### Problem
Which of the lines below contain the string "pmulrn"? Copy each one.

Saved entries
———

(* Let $(M_\alpha,\varphi_{\alpha\beta})$ be an inverse system, indexed by a countable upward directed poset, of injective $\mathbb{Z}$-modules and surjective homomorphisms $\varphi_{\alpha\beta}:M_\beta\to M_\alpha$, and let $M$ be its inverse limit. Let $M_{\mathrm{div}}$ be the largest divisible submodule of $M$, i.e. the sum of the images of all $\mathbb{Z}$-module homomorphisms $\mathbb{Q}\to M$. Then for every index $\alpha$, the composite $M_{\mathrm{div}}\hookrightarrow M\to M_\alpha$ (with $M\to M_\alpha$ the canonical projection) is surjective.
   Context: For $\mathbb{Z}$-modules (abelian groups), injective is equivalent to divisible. *)

(* Z-modules = zmodType; Q = rat (as an additive group). *)
From HB Require Import structures.
From mathcomp Require Import all_boot all_order all_algebra.
Set Implicit Arguments. Unset Strict Implicit. Unset Printing Implicit Defensive.
Import GRing.Theory.
Local Open Scope ring_scope.

Definition is_hom (A B : zmodType) (f : A -> B) : Prop :=
  forall x y, f (x - y) = f x - f y.

Definition injective_zmod (E : zmodType) : Prop :=
  forall (A B : zmodType) (i : A -> B) (g : A -> E),
    is_hom i -> injective i -> is_hom g ->
    exists h : B -> E, is_hom h /\ forall a, h (i a) = g a.

Definition directed_poset (I : Type) (le : rel I) : Prop :=
  [/\ reflexive le, transitive le, antisymmetric le &
      forall a b, exists c, le a c /\ le b c].

(* Inverse system: phi a b : M b -> M a, meaningful only for le a b. *)
Definition inverse_system (I : Type) (le : rel I) (M : I -> zmodType)
  (phi : forall a b, M b -> M a) : Prop :=
  [/\ forall a b, le a b -> is_hom (phi a b),
      forall a (x : M a), phi a a x = x &
      forall a b c, le a b -> le b c ->
        forall x : M c, phi a b (phi b c x) = phi a c x].

(* The inverse limit, as a subgroup of the product: compatible families. *)
Definition in_limit (I : Type) (le : rel I) (M : I -> zmodType)
  (phi : forall a b, M b -> M a) (x : forall i, M i) : Prop :=
  forall a b, le a b -> phi a b (x b) = x a.

(* A Z-module hom Q -> lim M (operations on the limit are componentwise). *)
Definition hom_Q_to_limit (I : Type) (le : rel I) (M : I -> zmodType)
  (phi : forall a b, M b -> M a) (g : rat -> forall i, M i) : Prop :=
  (forall q, in_limit le phi (g q)) /\
  (forall i, is_hom (fun q => g q i)).

(* M_div: sum of the images of all homs Q -> M, i.e. finite sums of
   elements of such images (componentwise sums). *)
Definition in_Mdiv (I : Type) (le : rel I) (M : I -> zmodType)
  (phi : forall a b, M b -> M a) (x : forall i, M i) : Prop :=
  exists (n : nat) (g : 'I_n -> rat -> forall i, M i) (q : 'I_n -> rat),
    (forall k, hom_Q_to_limit le phi (g k)) /\
    forall i, x i = \sum_(k < n) g k (q k) i.

From HB Require Import structures.
From mathcomp Require Import all_boot all_order all_algebra.
Import GRing.Theory Num.Theory.
Set Implicit Arguments. Unset Strict Implicit.

(* Since the index poset is countable and directed, it has a
   cofinal increasing chain c_0 <= c_1 <= ... with c_0 = a.  Injective
   Z-modules are divisible and the transition maps are surjective, so we can
   choose w_n in M(c_n) with w_0 lifting y and phi(w_{n+1} * (n+1)) = w_n; so
   w_n plays the role of "y / n!" along the chain.  For a rational q and n
   large enough that denq q divides n!, the integer q * n! is defined and
   the element phi_{i,c_n}(w_n * (q * n!)) of M_i does not depend on n.
   This defines a homomorphism Q -> lim M whose value at 1 has component y
   at a, so y lies in the image of M_div. *)

Local Open Scope ring_scope.

Section Additive.
Variables (A B : zmodType) (f : A -> B).
Hypothesis f_hom : is_hom f.

Lemma hom0 : f 0 = 0.
Proof. by have := f_hom 0 0; rewrite !subrr. Qed.

Lemma homN x : f (- x) = - f x.
Proof. by have := f_hom 0 x; rewrite sub0r hom0 sub0r. Qed.

Lemma homD x y : f (x + y) = f x + f y.
Proof. by have := f_hom x (- y); rewrite opprK => ->; rewrite homN opprK. Qed.

Lemma homMn x n : f (x *+ n) = f x *+ n.
Proof. by elim: n => [|n IH]; rewrite ?mulr0n ?hom0 // !mulrS homD IH. Qed.

Lemma homMz x k : f (x *~ k) = f x *~ k.
Proof.
case: k => n; first by rewrite -!pmulrn homMn.
by rewrite NegzE !mulrNz homN -!pmulrn homMn.
Qed.

End Additive.

Definition divisible (E : zmodType) : Prop :=
  forall (x : E) (n : nat), exists z : E, z *+ n.+1 = x.

(* Injective implies divisible: extend k |-> x *~ k along Z -> Q and
   evaluate the extension at 1/(n+1). *)
Lemma injective_divisible (E : zmodType) : injective_zmod E -> divisible E.
Proof.
move=> injE x n.
have intr_hom : is_hom (intr : int -> rat) by move=> k l; rewrite intrB.
have mulz_hom : is_hom (fun k : int => x *~ k) by move=> k l; rewrite mulrzBr.
have [h [h_hom h_ext]] := injE _ _ _ _ intr_hom (@intr_inj rat) mulz_hom.
exists (h (n.+1%:R)^-1).
rewrite -(homMn h_hom) -[RHS]mulr1z -h_ext /=; congr h.
by rewrite -(mulr_natr (n.+1%:R^-1)) mulVf ?pnatr_eq0.
Qed.

(* A countable directed set has a cofinal increasing chain starting at any
   prescribed element: step n goes above the previous term and the n-th
   element of the enumeration. *)
Lemma cofinal_chain (I : countType) (le : rel I) :
  (forall x y, exists z, le x z /\ le y z) ->
  forall a : I, exists c : nat -> I,
    [/\ c 0 = a, forall n, le (c n) (c n.+1) & forall i, exists n, le i (c n)].
Proof.
move=> dir a.
have dirb x y : exists z, le x z && le y z.
  by have [z [xz yz]] := dir x y; exists z; rewrite xz yz.
pose next x n := xchoose (dirb x (odflt a (unpickle n))).
have next_above x n : le x (next x n) && le (odflt a (unpickle n)) (next x n).
  exact: (xchooseP (dirb x (odflt a (unpickle n)))).
pose c := fix c n := if n is m.+1 then next (c m) m else a.
exists c; split=> // [n|i]; first by case/andP: (next_above (c n) n).
exists (pickle i).+1; have /andP[_] := next_above (c (pickle i)) (pickle i).
by rewrite pickleK.
Qed.

Lemma above_chain (I : Type) (le : rel I) (c : nat -> I) :
  transitive le -> (forall n, le (c n) (c n.+1)) ->
  forall i n m, le i (c n) -> (n <= m)%N -> le i (c m).
Proof.
move=> le_trans c_incr i n m i_cn; elim: m => [|m IH].
  by rewrite leqn0 => /eqP <-.
rewrite leq_eqVlt => /orP[/eqP <- // | /IH i_cm]; exact: le_trans (c_incr m).
Qed.

(* The integer q * n!, meaningful when denq q divides n! (den_dvd_fact);
   these are the multipliers applied to the tower below. *)
Definition fact_scale (q : rat) (n : nat) : int :=
  numq q * ((n`!)%:Z %/ denq q)%Z.

Definition den_dvd_fact (q : rat) (n : nat) : bool := (`|denq q| %| n`!)%N.

Lemma den_dvd_factS q n : den_dvd_fact q n -> den_dvd_fact q n.+1.
Proof. by rewrite /den_dvd_fact factS => /dvdn_trans; apply; apply: dvdn_mull. Qed.

Lemma den_dvd_fact_le q n m :
  den_dvd_fact q n -> (n <= m)%N -> den_dvd_fact q m.
Proof.
move=> qn; elim: m => [|m IH]; first by rewrite leqn0 => /eqP <-.
by rewrite leq_eqVlt => /orP[/eqP <- // | /IH /den_dvd_factS].
Qed.

Lemma den_dvd_fact_large q n : (`|denq q| <= n)%N -> den_dvd_fact q n.
Proof. by move=> qn; apply: dvdn_fact; rewrite qn andbT absz_gt0 denq_neq0. Qed.

Lemma fact_scaleE q n :
  den_dvd_fact q n -> (fact_scale q n)%:~R = q * (n`!)%:R :> rat.
Proof.
move=> qn; have /divzK : (denq q %| (n`!)%:Z)%Z by rewrite dvdzE.
rewrite /fact_scale; move: ((n`!)%:Z %/ denq q)%Z => k k_den.
have -> : (n`!)%:R = (k * denq q)%:~R :> rat by rewrite pmulrn k_den.
have q_den : q * (denq q)%:~R = (numq q)%:~R.
  by rewrite -{1}(divq_num_den q) mulfVK ?intr_eq0 ?denq_neq0.
by rewrite !intrM mulrCA q_den mulrC.
Qed.

Lemma fact_scaleS q n :
  den_dvd_fact q n -> fact_scale q n.+1 = fact_scale q n * n.+1%:Z.
Proof.
move=> qn; apply: (@intr_inj rat).
rewrite [RHS]intrM !fact_scaleE ?den_dvd_factS // factS natrM -pmulrn.
by rewrite [_ * n`!%:R]mulrC mulrA.
Qed.

Lemma fact_scaleB q1 q2 n :
  den_dvd_fact q1 n -> den_dvd_fact q2 n -> den_dvd_fact (q1 - q2) n ->
  fact_scale (q1 - q2) n = fact_scale q1 n - fact_scale q2 n.
Proof.
by move=> h1 h2 h12; apply: (@intr_inj rat); rewrite [RHS]intrB !fact_scaleE ?mulrBl.
Qed.

Section Tower.
Variables (I : Type) (le : rel I) (M : I -> zmodType).
Variable phi : forall a b, M b -> M a.
Arguments phi : clear implicits.
Hypothesis le_trans : transitive le.
Hypothesis phi_hom : forall a b, le a b -> is_hom (phi a b).
Hypothesis phi_comp : forall a b c, le a b -> le b c ->
  forall x : M c, phi a b (phi b c x) = phi a c x.
Variable c : nat -> I.
Hypothesis c_incr : forall n, le (c n) (c n.+1).
Hypothesis c_cofinal : forall i, exists n, le i (c n).

Lemma divisible_tower_exists :
  (forall n, divisible (M (c n.+1))) ->
  (forall n (y : M (c n)), exists z, phi (c n) (c n.+1) z = y) ->
  forall w0 : M (c 0), exists w : forall n, M (c n),
    w 0 = w0 /\ forall n, phi (c n) (c n.+1) (w n.+1 *+ n.+1) = w n.
Proof.
move=> divM surj w0.
have step n (v : M (c n)) : exists z, phi (c n) (c n.+1) (z *+ n.+1) == v.
  have [u <-] := surj n v; have [z <-] := divM n u n.
  by exists z.
pose w := fix w n : M (c n) :=
  if n is m.+1 return M (c n) then xchoose (step m (w m)) else w0.
by exists w; split=> // n; apply/eqP; exact: xchooseP (step n (w n)).
Qed.

Variable w : forall n, M (c n).
Hypothesis w_div : forall n, phi (c n) (c n.+1) (w n.+1 *+ n.+1) = w n.

(* Candidate i-component of the image of q: "q * y" computed at stage n. *)
Definition tower_at (q : rat) (i : I) (n : nat) : M i :=
  phi i (c n) (w n *~ fact_scale q n).

(* One step up the chain does not change the stage-n value, because
   w (n+1) * (n+1) maps onto w n. *)
Lemma tower_atS q i n : le i (c n) -> den_dvd_fact q n ->
  tower_at q i n.+1 = tower_at q i n.
Proof.
move=> i_cn qn; rewrite /tower_at fact_scaleS // -(phi_comp i_cn (c_incr n)).
by rewrite mulrC mulrzA -pmulrn (homMz (phi_hom (c_incr n))) w_div.
Qed.

Lemma tower_at_stable q i n m : le i (c n) -> den_dvd_fact q n ->
  (n <= m)%N -> tower_at q i m = tower_at q i n.
Proof.
move=> i_cn qn; elim: m => [|m IH]; first by rewrite leqn0 => /eqP <-.
rewrite leq_eqVlt => /orP[/eqP <- // | nm].
rewrite tower_atS ?IH //; first exact: (above_chain le_trans c_incr i_cn nm).
exact: (den_dvd_fact_le qn nm).
Qed.

Definition stage (q : rat) (i : I) : nat :=
  maxn (xchoose (c_cofinal i)) `|denq q|.

Lemma stage_above q i n : (stage q i <= n)%N -> le i (c n).
Proof.
move=> /(leq_trans (leq_maxl _ _)); apply: (above_chain le_trans c_incr).
exact: xchooseP (c_cofinal i).
Qed.

Lemma stage_den q i n : (stage q i <= n)%N -> den_dvd_fact q n.
Proof. by move=> /(leq_trans (leq_maxr _ _)); apply: den_dvd_fact_large. Qed.

Definition tower (q : rat) (i : I) : M i := tower_at q i (stage q i).

Lemma towerE q i n : le i (c n) -> den_dvd_fact q n -> tower q i = tower_at q i n.
Proof.
move=> i_cn qn; have i_stage := stage_above (leqnn (stage q i)).
have q_stage := stage_den (leqnn (stage q i)).
rewrite /tower -(tower_at_stable i_stage q_stage (leq_maxl _ n)).
by rewrite (tower_at_stable i_cn qn (leq_maxr _ _)).
Qed.

(* Compatibility and additivity, both checked at a common admissible stage. *)
Lemma tower_in_limit q : in_limit le phi (tower q).
Proof.
move=> a b ab; have b_c := stage_above (leqnn (stage q b)).
have q_n := stage_den (leqnn (stage q b)).
by rewrite !(towerE _ q_n) ?phi_comp //; exact: le_trans b_c.
Qed.

Lemma tower_hom i : is_hom (fun q => tower q i).
Proof.
move=> q1 q2 /=.
pose n := maxn (stage q1 i) (maxn (stage q2 i) (stage (q1 - q2) i)).
have h1 : (stage q1 i <= n)%N by exact: leq_maxl.
have h2 : (stage q2 i <= n)%N by exact: leq_trans (leq_maxl _ _) (leq_maxr _ _).
have h12 : (stage (q1 - q2) i <= n)%N.
  exact: leq_trans (leq_maxr _ _) (leq_maxr _ _).
rewrite !(towerE (stage_above h1)) ?(stage_den h1, stage_den h2, stage_den h12) //.
rewrite /tower_at fact_scaleB ?(stage_den h1, stage_den h2, stage_den h12) //.
by rewrite mulrzBr (phi_hom (stage_above h1)).
Qed.

Lemma tower_hom_Q : hom_Q_to_limit le phi tower.
Proof. by split; [exact: tower_in_limit | exact: tower_hom]. Qed.

Lemma tower_one i : le i (c 0) -> tower 1 i = phi i (c 0) (w 0).
Proof. by move=> i_c0; rewrite (towerE i_c0). Qed.

End Tower.

Theorem corollary6 (I : countType) (le : rel I) (M : I -> zmodType)
  (phi : forall a b, M b -> M a) :
  directed_poset le ->
  @inverse_system I le M phi ->
  (forall i, injective_zmod (M i)) ->
  (forall a b, le a b -> forall y : M a, exists z : M b, phi a b z = y) ->
  forall (a : I) (y : M a),
    exists x : forall i, M i,
      in_limit le phi x /\ in_Mdiv le phi x /\ x a = y.
Proof.
move=> [le_refl le_trans _ dir] [phi_hom _ phi_comp] injM surj a y.
have [c [c0 c_incr c_cofinal]] := cofinal_chain dir a.
have a_c0 : le a (c 0) by rewrite c0 le_refl.
have [y0 y0_y] := surj _ _ a_c0 y.
have [w [w0 w_div]] := divisible_tower_exists
  (fun n => injective_divisible (injM (c n.+1))) (fun n => surj _ _ (c_incr n)) y0.
have g_Q := tower_hom_Q le_trans phi_hom phi_comp c_incr c_cofinal w_div.
exists (tower phi c_cofinal w 1); split; first exact: g_Q.1.
split; last by rewrite (tower_one le_trans phi_hom phi_comp c_incr) // w0 y0_y.
exists 1%N, (fun _ => tower phi c_cofinal w), (fun _ => 1).
by split=> [_ | i]; [exact: g_Q | rewrite big_ord1].
Qed.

———

### Your response
case: k => n; first by rewrite -!pmulrn homMn.
by rewrite NegzE !mulrNz homN -!pmulrn homMn.
have -> : (n`!)%:R = (k * denq q)%:~R :> rat by rewrite pmulrn k_den.
rewrite [RHS]intrM !fact_scaleE ?den_dvd_factS // factS natrM -pmulrn.
by rewrite mulrC mulrzA -pmulrn (homMz (phi_hom (c_incr n))) w_div.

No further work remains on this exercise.